The leftist government of Ecuador, under pressure from the Obama administration for considering a request for sanctuary from the American intelligence leaker Edward Snowden, announced Thursday that it will back out of a preferential trade pact with the United States that top Ecuadoran officials say is being used to blackmail their country.
Jose Jacome/EPA - Ecuadorean President Rafael Correa smiles at the crowd during a military act at the Presidential Palace in Quito, Ecuador, June 24, 2013.
The move, which President Rafael Correa’s government described as unilateral, came a day after the chairman of the Senate Foreign Relations Committee pledged to do all he could to block trade benefits for Ecuador should it grant Snowden political asylum.
“Our government will not reward countries for bad behavior,” Sen. Robert Menendez (D-N.J.) said in a statement Wednesday. “Trade preferences are a privilege granted to nations, not a right.”
Snowden, the former National Security Agency contractor who is presumed to be in Moscow, has asked for asylum in Ecuador. While the government has made no decision in response to the request, Foreign Minister Ricardo Patiño voiced sympathy for the 30-year-old fugitive in lengthy comments Monday.
At a news conference Thursday, Minister of Communications Fernando Alvarado pushed back at perceived efforts to influence Ecuador’s decision. It “doesn’t accept pressure or threats from anybody, and it doesn’t trade its principles or give them up for commercial interests, no matter how important,” the Quito-based newspaper El Comercio quoted him as saying.
Alvarado said his country “unilaterally and irrevocably renounces those trade preferences” and defiantly quipped that Ecuador would provide $23 million to the Obama administration for human rights training.

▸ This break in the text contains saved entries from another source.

Definition orlicz_integrand d (T : measurableType d) (R : realType)
    (mu : {measure set T -> \bar R}) (X : completeNormedModType R)
    (phi : T -> X -> \bar R) :=
  [/\ forall w x, (0 <= phi w x)%E,
      {ae mu, forall w,
        [/\ forall x, phi w (- x) = phi w x,
            forall (t : R) (x y : X), 0 <= t <= 1 ->
               (phi w ((t *: x + (1 - t) *: y)%R)
                 <= t%:E * phi w x + (1 - t)%:E * phi w y)%E,
            forall (x : X) (a : R),
               (a%:E < phi w x)%E -> (\forall y \near x, (a%:E < phi w y)%E),
            (exists x, (phi w x < +oo)%E) /\
            (phi w x @[x --> (0 : X)] --> 0%E) &
               forall M : R, exists r : R, forall x, r < `|x| -> (M%:E < phi w x)%E]} &
      forall A W, atoms_sigma_union mu A -> separable_subset W ->
        restr_prod_measurable phi A W].

Definition real_valued_integrand d (T : measurableType d) (R : realType)
    (mu : {measure set T -> \bar R}) (X : completeNormedModType R)
    (phi : T -> X -> \bar R) :=
  {ae mu, forall w, forall x, (phi w x < +oo)%E}.

Definition simple_fun d (T : measurableType d) (R : realType)
    (X : normedModType R) (s : T -> X) :=
  finite_set (range s) /\ forall x, measurable (s @^-1` [set x]).

Definition strongly_measurable d (T : measurableType d) (R : realType)
    (mu : {measure set T -> \bar R}) (X : normedModType R) (u : T -> X) :=
  exists s : nat -> T -> X, (forall n, simple_fun (s n)) /\
    {ae mu, forall w, s n w @[n --> \oo] --> u w}.

(* Luxemburg norm (in \bar R, +oo when the defining set is empty) *)
Definition lux_norm d (T : measurableType d) (R : realType)
    (mu : {measure set T -> \bar R}) (X : completeNormedModType R)
    (phi : T -> X -> \bar R) (u : T -> X) : \bar R :=
  ereal_inf [set a%:E | a in [set a : R | 0 < a /\
              (\int[mu]_w phi w (a^-1 *: u w) <= 1)%E]].

(* L_phi(mu), as a set of functions (closed under a.e. equality) *)
Definition L_phi d (T : measurableType d) (R : realType)
    (mu : {measure set T -> \bar R}) (X : completeNormedModType R)
    (phi : T -> X -> \bar R) : set (T -> X) :=
  [set u | strongly_measurable mu u /\ (lux_norm mu phi u < +oo)%E].

Definition C_phi d (T : measurableType d) (R : realType)
    (mu : {measure set T -> \bar R}) (X : completeNormedModType R)
    (phi : T -> X -> \bar R) : set (T -> X) :=
  [set u | L_phi mu phi u /\
    forall E : (set T)^nat, (forall n, measurable (E n)) ->
      {ae mu, forall w, \1_(E n) w @[n --> \oo] --> (0 : R)} ->
      lux_norm mu phi (fun w => \1_(E n) w *: u w) @[n --> \oo] --> 0%E].

Definition C_phi_sigma d (T : measurableType d) (R : realType)
    (mu : {measure set T -> \bar R}) (X : completeNormedModType R)
    (phi : T -> X -> \bar R) : set (T -> X) :=
  [set u | C_phi mu phi u /\
    exists S : set T, sigma_finite S mu /\ {ae mu, forall w, ~ S w -> u w = 0}].

Definition almost_decomposable d (T : measurableType d) (R : realType)
    (mu : {measure set T -> \bar R}) (X : completeNormedModType R)
    (S : set (T -> X)) :=
  forall (u0 : T -> X) (F : set T) (eps : R) (u1 : T -> X),
    S u0 -> measurable F -> (mu F < +oo)%E -> 0 < eps ->
    (exists M : R, forall w, F w -> `|u1 w| <= M) ->
    strongly_measurable mu (fun w => \1_F w *: u1 w) ->
    exists Fe : set T, [/\ measurable Fe, Fe `<=` F,
      (mu (F `\` Fe) < eps%:E)%E &
      S (fun w => \1_(~` Fe) w *: u0 w + \1_Fe w *: u1 w)].

From HB Require Import structures.
From mathcomp Require Import all_boot all_order all_algebra.
From mathcomp Require Import all_classical all_reals all_analysis.
From mathcomp Require Import measurable_realfun.
Import Order.TTheory GRing.Theory Num.Theory.
Import numFieldNormedType.Exports HBNNSimple.
Local Open Scope classical_set_scope.
Local Open Scope ring_scope.
Set Implicit Arguments. Unset Strict Implicit. Unset Printing Implicit Defensive.

(* Approximate [1_F u1] by simple functions [t_n].  Midpoint convexity of
   [phi w] and [phi w x -> 0] as [x -> 0] give
   [phi w (k u1) <= limsup_n phi w (2k t_n) + 1], a measurable majorant, finite
   a.e. because [phi] is real-valued.  Removing from [F] a set of measure
   [< eps] (at most [eps / 2^(k+1)] for each [k]) leaves [Fe] on which
   [phi w (s u1 w) <= c_k] for [0 <= s <= k].  On [Fe] the patched function
   is then controlled through [mu Fe < +oo] (finite Luxemburg norm) and
   [mu (Fe `&` E_n) -> 0] (absolute continuity), off [Fe] it is [u0]. *)

Section ereal_limits.
Context (R : realType).
Local Open Scope ereal_scope.

Lemma cvge_lt T (F : set_system T) {FF : Filter F} (f : T -> \bar R) (l e : R) :
  f x @[x --> F] --> l%:E -> (l < e)%R -> \forall x \near F, f x < e%:E.
Proof.
move=> /fine_cvgP[f_fin /cvgr_lt f_lt] le.
by apply: filterS2 f_fin (f_lt e le) => x fx; rewrite -(fineK fx) lte_fin.
Qed.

Later in the day, Correa said that Snowden would have to make it to Ecuador or get inside one of its embassies to have his bid for asylum processed. Snowden “is not in Ecuadorian territory so, technically, we cannot process his request,” the president said.

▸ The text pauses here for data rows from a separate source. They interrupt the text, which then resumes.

(* Let $G=(V,E)$ be a graph with $n$ vertices, $m$ edges and $k(G)$ connected components, such that $h(G)$ is defined. Then for every integer $i$ with $i>n-k(G)-h(G)$, \[[x^i]T_G(x,1)=\binom{m-i-1}{n-k(G)-i}-\sum_{\substack{C\in \mathcal{C}(G),\\ |C|<h(G)}} \binom{m-|C|-i-1}{m-n+k(G)-1}.\]
   Context: $T_G(x,y)$ is the Tutte polynomial of $G$, i.e. $T_G(x,y)=\sum_{A\subseteq E}(x-1)^{r-rk(A)}(y-1)^{|A|-rk(A)}$ with $rk(A)=n-k(A)$, $k(A)$ the number of components of the spanning subgraph $(V,A)$, and $r=n-k(G)$. $[x^i]f(x)$ denotes the coefficient of $x^i$. $\mathcal{C}(G)$ is the set of (edge sets of) cycles of $G$, and $|C|$ is the length of the cycle. $h(G)$ is the minimum number of edges of a subgraph of $G$ of corank $2$ (i.e. an edge set $A$ with $|A|-rk(A)=2$, possibly disconnected) that contains no cut edges (no edge of $A$ is a bridge of $(V,A)$). *)

(* Graphs are finite multigraphs (loops and parallel edges
   allowed): a finite vertex type V, a finite edge type E, and an endpoint map. *)
From mathcomp Require Import all_boot all_order all_algebra.
Set Implicit Arguments. Unset Strict Implicit. Unset Printing Implicit Defensive.
Import GRing.Theory Num.Theory.

Section Graph.
Variables (V E : finType) (ends : E -> V * V).

Definition adjA (A : {set E}) : rel V :=
  fun u v => [exists e in A, (ends e == (u, v)) || (ends e == (v, u))].

Definition ncomp (A : {set E}) : nat := n_comp (connect (adjA A)) V.

Definition rk (A : {set E}) : nat := #|V| - ncomp A.

Definition corank (A : {set E}) : nat := #|A| - rk A.

Definition is_bridge (A : {set E}) (e : E) : bool :=
  (e \in A) && (ncomp A < ncomp (A :\ e)).

(* degree of v in (V, C); a loop contributes 2 *)
Definition deg (C : {set E}) (v : V) : nat :=
  \sum_(e in C) (((ends e).1 == v) + ((ends e).2 == v))%N.

Definition is_cycle (C : {set E}) : bool :=
  (C != set0) && [forall v, (deg C v == 0) || (deg C v == 2)] &&
  [forall u, forall v, ((0 < deg C u) && (0 < deg C v)) ==> connect (adjA C) u v].

(* A has corank 2 and no cut edges; h(G) is the minimum size of such A *)
Definition h_candidate (A : {set E}) : bool :=
  (corank A == 2) && [forall e in A, ~~ is_bridge A e].

Local Open Scope ring_scope.

(* Tutte polynomial T_G(x,y) as a polynomial in y with coefficients in Z[x] *)
Definition tutte : {poly {poly int}} :=
  \sum_(A : {set E})
     (('X - 1) ^+ (rk setT - rk A))%:P * ('X - 1) ^+ (#|A| - rk A)%N.

End Graph.

Local Open Scope ring_scope.

(* integer binomial: C(a,b) = 0 unless 0 <= b <= a *)
Definition binz (a b : int) : int :=
  match a, b with
  | Posz a', Posz b' => ('C(a', b'))%:Z
  | _, _ => 0
  end.

Definition coefz (p : {poly int}) (i : int) : int :=
  match i with Posz j => p`_j | Negz _ => 0 end.

From Pilot Require Import Defs.
From mathcomp Require Import all_boot all_order all_algebra.
From mathcomp Require Import zify.
Import GRing.Theory Num.Theory.

(* At y = 1 only forests survive in the Tutte polynomial, a forest A contributing
   (x-1)^(r-|A|); for i > r - h(G) the coefficient [x^i] only sees forests with
   fewer than h(G) edges.  An edge set with fewer than h(G) edges has corank at
   most 1 (deleting bridges, then non-bridges, from a set of corank >= 2 leaves a
   smaller bridgeless set of corank 2), so it is either a forest or contains
   exactly one cycle, necessarily short.  Inclusion-exclusion over the short
   cycles therefore expresses the forest count through sums over all supersets
   of a fixed short cycle, which the identity
   sum_k C(M,k) [x^i] (x-1)^(R-k) = C(M-i-1, R-i) evaluates. *)

Set Implicit Arguments. Unset Strict Implicit. Unset Printing Implicit Defensive.

Lemma sum_eq_mem (T : finType) (K : {set T}) a :
  \sum_(x in K) (a == x : nat) = (a \in K).
Proof.
have [aK|naK] := boolP (a \in K); last first.
  by rewrite big1 // => x xK; case: eqP => // ax; rewrite ax xK in naK.
rewrite (bigD1 a) //= eqxx big1 // => x /andP[_ xa].
by rewrite eq_sym (negbTE xa).
Qed.

Section Graph.
Variables (V E : finType) (ends : E -> V * V).
Local Notation adj := (adjA ends).
Local Notation deg := (deg ends).
Implicit Types (A B C D : {set E}) (e f : E) (x y z : V).

Lemma adjA_sym A : symmetric (adj A).
Proof.
move=> x y; apply/existsP/existsP => -[e /andP[eA /orP[]exy]];
  by exists e; rewrite eA exy ?orbT.
Qed.

Lemma connect_adjA_sym A : connect_sym (adj A).
Proof. exact/sym_connect_sym/adjA_sym. Qed.

Local Notation csym := connect_adjA_sym.

Lemma adjA_ends A e : e \in A -> adj A (ends e).1 (ends e).2.
Proof. by move=> eA; apply/existsP; exists e; rewrite eA -surjective_pairing eqxx. Qed.

Lemma adjAS A B : A \subset B -> subrel (adj A) (adj B).
Proof.
move=> sAB x y /existsP[e /andP[eA exy]]; apply/existsP; exists e.
by rewrite (subsetP sAB _ eA).
Qed.

Lemma connect_adjAS A B : A \subset B -> subrel (connect (adj A)) (connect (adj B)).
Proof. by move=> sAB; apply: connect_sub => x y /(adjAS sAB)/connect1. Qed.

Definition comp_roots A := [set x | roots (adj A) x].

Lemma ncompE A : ncomp ends A = #|comp_roots A|.
Proof.
have cc : connect (connect (adj A)) =2 connect (adj A).
  move=> x y; apply/idP/idP; first exact: connect_sub.
  by apply: connect_sub => u v /connect1/connect1.
by rewrite /ncomp (eq_n_comp cc); apply: eq_card => x; rewrite !inE andbT.
Qed.

Lemma comp_roots_coarsen A B : subrel (connect (adj A)) (connect (adj B)) ->
  comp_roots B = fingraph.root (adj B) @: comp_roots A.
Proof.
move=> sub; apply/setP => s; apply/idP/imsetP => [|[x _ ->]]; last first.
  by rewrite inE roots_root //; apply: csym.
rewrite inE => /eqP rs; exists (fingraph.root (adj A) s).
  by rewrite inE roots_root //; apply: csym.
rewrite -{1}rs; apply/esym/(fingraph.rootP (csym B)).
by rewrite (csym B); apply/sub/connect_root.
Qed.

The Andean Trade Promotion and Drug Eradication Act has allowed Ecuadoran exporters of flowers, tuna, artichokes and many other products to ship tariff-free to the United States.
“The preferences were authorized for Andean countries as compensation for the fight against drugs but soon became a new instrument of pressure,” Alvarado said.
The pact was designed to help generate jobs in countries involved in the drug trade; although Ecuador does not produce cocaine, it is an important drug conduit and is vulnerable to organized crime groups because of its weak institutions, according to State Department counternarcotics officials.
Within Congress, the decision to pull out of the pact may have been eased by long-standing opposition to it, which had been growing even before Snowden’s asylum request. Lawmakers have been sharply critical of Correa for his country’s ties to Iran and for having given sanctuary to WikiLeaks founder Julian Assange in Ecuador’s London embassy.